MMSC: Jason Dufner becomes dominant, and bad news for Anthony Kim
Our Monday Morning Swing Coach focuses on Jason Dufner's second win in three starts and tough news for Anthony Kim.
|Jason Dufner won his second PGA Tour event in three starts on Sunday. (Getty Images)|
Golf is probably the hardest sport in the world to play, and play well, so it makes total sense that everyone is a critic, and that's what we're going to do here at Monday Morning Swing Coach. Cover just the PGA Tour? Nope. We're going to try to expand this Monday feature to anything and everything that happened the past weekend.
It's fun to actually watch the process of a guy that starts to understand how to win. It took David Duval a long time. Rickie Fowler was questioned if he'd ever win a PGA Tour event before his breakthrough at the Wells Fargo. And then there was the quiet Jason Dufner.
A season ago, Dufner was the heavy-lipped quiet guy that came out of the pack at the PGA Championship on fire, and had both hands wrapped around the Wanamaker Trophy before he decided to put them around his neck instead, drown one of his Titleists at the Atlanta Athletic Club and give the tournament to Keegan Bradley.
Dufner was steady for most of that week, but when the nerves entered his arms, feet and brain, you could see the confidence slip from his face. The one thing Dufner had was a great golf swing and an even better stroke of the ball on the greens. He wasn't going to be some guy you'd never hear of again.
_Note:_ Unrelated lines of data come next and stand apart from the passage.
Lemma helly_gauge_lt v c : helly_gauge v < c ->
  exists x, `|x| + K * \sum_i `|v i - gs i x| < c.
Proof. by move=> /(inf_lt (gauge_set_ne v)) [r [x ->] hr]; exists x. Qed.

Lemma helly_gauge_subadd v w :
  helly_gauge (v + w) <= helly_gauge v + helly_gauge w.
Proof.
have h1 x x' : helly_gauge (v + w) <= (`|x| + K * \sum_i `|v i - gs i x|) +
                                       (`|x'| + K * \sum_i `|w i - gs i x'|).
  apply: (le_trans (helly_gauge_le _ (x + x'))).
  have e1 := ler_normD x x'.
  have e2 : \sum_i `|(v + w) i - gs i (x + x')| <=
            \sum_i `|v i - gs i x| + \sum_i `|w i - gs i x'|.
    rewrite -big_split /=; apply: ler_sum => i _.
    rewrite (linear_formD (gs_lin i)).
    have -> : v i + w i - (gs i x + gs i x') = (v i - gs i x) + (w i - gs i x') by ring.
    exact: ler_normD.
  have e3 := ler_wpM2l (ltW K0) e2; lra.
have h2 x' : helly_gauge (v + w) - (`|x'| + K * \sum_i `|w i - gs i x'|) <= helly_gauge v.
  by apply: helly_gauge_ge => x; have := h1 x x'; lra.
have : helly_gauge (v + w) - helly_gauge v <= helly_gauge w.
  by apply: helly_gauge_ge => x'; have := h2 x'; lra.
lra.
Qed.

Lemma helly_gauge_homo t v : 0 < t -> helly_gauge (t *: v) <= t * helly_gauge v.
Proof.
move=> t0; rewrite -ler_pdivrMl //; apply: helly_gauge_ge => x.
rewrite ler_pdivrMl //; apply: (le_trans (helly_gauge_le _ (t *: x))).
rewrite normrZ gtr0_norm // mulrDr lerD2l mulrCA; apply: ler_wpM2l; first exact: ltW.
rewrite mulr_sumr; apply: ler_sum => i _.
by rewrite (linear_formZ (gs_lin i)) /= -mulrBr normrM gtr0_norm.
Qed.

(* Hahn-Banach below the gauge, normalised at [b]. *)
Lemma helly_gauge_bound (b : I -> R) (M : R) : 0 < M ->
  (forall a : I -> R, \sum_i a i * b i <= M * dual_norm (fun x => \sum_i a i * gs i x)) ->
  helly_gauge b <= M.
Proof.
move=> M0 hyp.
have [l [hl hlq hlb]] :=
  hahn_banach helly_gauge_subadd (fun t v t0 => helly_gauge_homo v t0) b.
pose a i := l (fun j => (i == j)%:R).
have gl x : \sum_i a i * gs i x = l (fun i => gs i x).
  by rewrite (linear_fun_coord hl); apply: eq_bigr => i _; rewrite mulrC.
have g_le x : \sum_i a i * gs i x <= `|x|.
  rewrite gl; apply: (le_trans (hlq _)); apply: (le_trans (helly_gauge_le _ x)).
  by rewrite big1 ?mulr0 ?addr0 // => i _; rewrite subrr normr0.
have g_norm : dual_norm (fun x => \sum_i a i * gs i x) <= 1.
  apply: dual_norm_le => x hx; apply: le_trans hx; rewrite ler_norml g_le andbT.
  have gN : \sum_i a i * gs i (- x) = - \sum_i a i * gs i x.
    by rewrite -sumrN; apply: eq_bigr => i _; rewrite (linear_formN (gs_lin i)) mulrN.
  by have := g_le (- x); rewrite gN normrN; lra.
rewrite -hlb (linear_fun_coord hl).
have -> : \sum_i b i * l (fun j => (i == j)%:R) = \sum_i a i * b i.
  by apply: eq_bigr => i _; rewrite mulrC.
by apply: (le_trans (hyp a)); rewrite -[leRHS]mulr1 ler_wpM2l // ltW.
Qed.
Lemma tighten_all (U : list nat) (s : nat -> R) :
  var_le_1 s N -> (forall k, (1 <= k <= N)%nat -> ~ In k U -> tight s N k) ->
  exists s', var_le_1 s' N /\ (forall k, (1 <= k <= N)%nat -> tight s' N k) /\ h s <= h s'.
Proof.
  revert s. induction U as [|k U IH]; intros s Hvar HU.
  - exists s. split; [exact Hvar|]. split; [intros k Hk; apply HU; auto | lra].
  - assert (HU' : forall s', (forall k', tight s N k' -> tight s' N k') ->
                    ((1 <= k <= N)%nat -> tight s' N k) ->
                    forall k', (1 <= k' <= N)%nat -> ~ In k' U -> tight s' N k').
    { intros s' Hpres Hk k' Hk' Hn. destruct (Nat.eq_dec k' k) as [->|Hne]; [exact (Hk Hk')|].
      apply Hpres, HU; [exact Hk'|]. intros [E|E]; [congruence | contradiction]. }
    destruct (classic ((1 <= k <= N)%nat /\ ~ tight s N k)) as [[Hk Hnot]|Hskip].
    + destruct (tighten s k Hvar Hk Hnot) as [s1 [Hvar1 [Hk1 [Hpres Hh1]]]].
      destruct (IH s1 Hvar1 (HU' s1 Hpres (fun _ => Hk1))) as [s' [Hvar' [Htight' Hh']]].
      exists s'. split; [exact Hvar'|]. split; [exact Htight' | lra].
    + apply IH; [exact Hvar|]. apply (HU' s); [auto|].
      intro Hk. apply NNPP. intro Hnot. apply Hskip. auto.
Qed.

Lemma exists_unit_increments (s : nat -> R) :
  var_le_1 s N -> exists s', var_le_1 s' N /\ psum (sq_incr s') N = 1 /\ h s <= h s'.
Proof.
  intro Hvar. destruct (tighten_all (seq 1 N) s Hvar) as [s' [Hvar' [Htight Hh]]].
  - intros k Hk Hn. exfalso. apply Hn, in_seq. lia.
  - exists s'. split; [exact Hvar'|]. split; [apply psum_sq_incr_eq_1; assumption | exact Hh].
Qed.

End Tightening.

Fixpoint chain_family (i : nat) (l : list nat) : list interval :=
  match l with [] => [] | b :: l' => Ival i (Some (b - 1)%nat) :: chain_family b l' end.

Lemma chain_family_lo (i j : nat) (l : list nat) (I : interval) :
  chain i j l -> In I (chain_family i l) -> (i <= ilo I)%nat.
Proof.
  revert i. induction l as [|b l IH]; intros i C H; [destruct H|]. destruct C as [Hb C].
  destruct H as [<-|H]; simpl; [lia|]. apply IH in H; [lia | exact C].
Qed.

Lemma admissible_chain_family (i j : nat) (l : list nat) :
  chain i j l -> admissible_family (chain_family i l).
Proof.
  revert i. induction l as [|b l IH]; intros i C; [exact admissible_nil|].
  destruct C as [Hb C]. destruct (IH b C) as [HV HD]. split; constructor; auto.
  - unfold valid_interval; simpl. lia.
  - apply Forall_forall. intros I HI k [[_ Hk1] [Hk2 _]]. simpl in Hk1.
    pose proof (chain_family_lo b j l I C HI). lia.
Qed.

Lemma sq_sum_chain_family (x : nat -> R) (i j : nat) (l : list nat) :
  chain i j l -> sq_sum x (chain_family i l) = chain_var (psum x) i l.
Proof.
  revert i. induction l as [|b l IH]; intros i C; [reflexivity|]. destruct C as [Hb C].
  cbn [chain_family chain_var]. rewrite sq_sum_cons, (IH b C), isum_finite, pow2_abs by lia.
  replace (S (b - 1)) with b by lia. reflexivity.
Qed.

Lemma var_le_1_psum (x : nat -> R) (N : nat) :
  (forall F, admissible_family F -> sq_sum x F <= 1) -> var_le_1 (psum x) N.
Proof.
  intros Hx l C. rewrite <- (sq_sum_chain_family x 0 N l C). apply Hx, (admissible_chain_family 0 N l C).
Qed.

Definition incr (s : nat -> R) (n : nat) : R := s (S n) - s n.

Lemma psum_incr (s : nat -> R) (m : nat) : psum (incr s) m = s m - s 0%nat.
Proof. induction m as [|m IH]; simpl; [lra|]. rewrite IH. unfold incr. lra. Qed.

Lemma psum_head_part (N : nat) (x : nat -> R) (m : nat) :
  (m <= N)%nat -> psum (head_part N x) m = psum x m.
Proof.
  intro H. apply psum_ext. intros n Hn. unfold head_part.
  destruct (Nat.ltb_spec n N); [reflexivity | lia].
Qed.

Lemma head_part_support (N : nat) (x : nat -> R) (n : nat) : (N <= n)%nat -> head_part N x n = 0.
Proof. intro H. unfold head_part. destruct (Nat.ltb_spec n N); [lia | reflexivity]. Qed.

Section TightVector.

Variables (s : nat -> R) (N : nat).
Hypothesis s_var : var_le_1 s N.
Hypothesis s_full : psum (sq_incr s) N = 1.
And then 2012 happened. After missing the cut at the Sony Open, Dufner had a nice T-12 finish at the Humana and followed it up with a T-8 at the Waste Management, a tournament he lost in a playoff against Mark Wilson the year before. Early in the season, it appeared even if Dufner was never going to win, he was surely going to rake up a ton of cash with these solid finishes.
His year flatlined out after Phoenix, but he got his game back at the Transitions, finishing T-10 there and T-15 at the Arnold Palmer.
Then came the Zurich. A win there simply felt like a long time coming to everyone involved. Dufner is the type of journeyman PGA Tour guy that seems to becoming extinct. He isn't extremely flashy. He isn't going to be on the cover of a golf video game, or out pushing 5 Hour Energy with Jim Furyk. Dufner is simply the golfer that can get his ball around, especially when the conditions get nasty, and seems to enjoy a tough test of golf.
His birdie putt on the final hole at the Byron Nelson to win showed a lot of growing up in just three weeks. Win once, and you now feel like a true PGA Tour player. Win consecutive times in a season and you've become one of the elite.
Dufner's win places him in company with only Hunter Mahan as multiple PGA Tour winners in 2012. The guy's is on a great run. Don't expect things to stop now.
Tough news for Anthony Kim
You never like to see a guy fall from grace as hard as Anthony Kim has, but there is always a little hope that the guy gets back. That apparently won't be happening anytime soon, as Kim announced on Monday that he will be out 4-5 months with tendinitis in his left forearm that's been around since he hit a rock at the Valero Texas Open a month ago.
Kim has had some personal issues, and people sometimes think the guy didn't take the game as serious as he should have, but I think it's worth remembering some of his greatest feats as a golfer.
The first came in 2008, when Kim was an important component in that Ryder Cup victory for the Americans. The youngster was fired up, got other teammates fired up, and did it in a competitive, non-obnoxious way. He was fun to watch on that team, and showed real passion that you never really saw from the guy outside of that team event.
The other time came at the 2009 Masters, when he set a record at Augusta National by making 11 birdies in one round. He always has had that ability to go low, and that was definitely the pinnacle of his birdie-making experiences.
Hopefully Kim will be back soon, but tough news for a youngster that had some serious promise at one point in his career.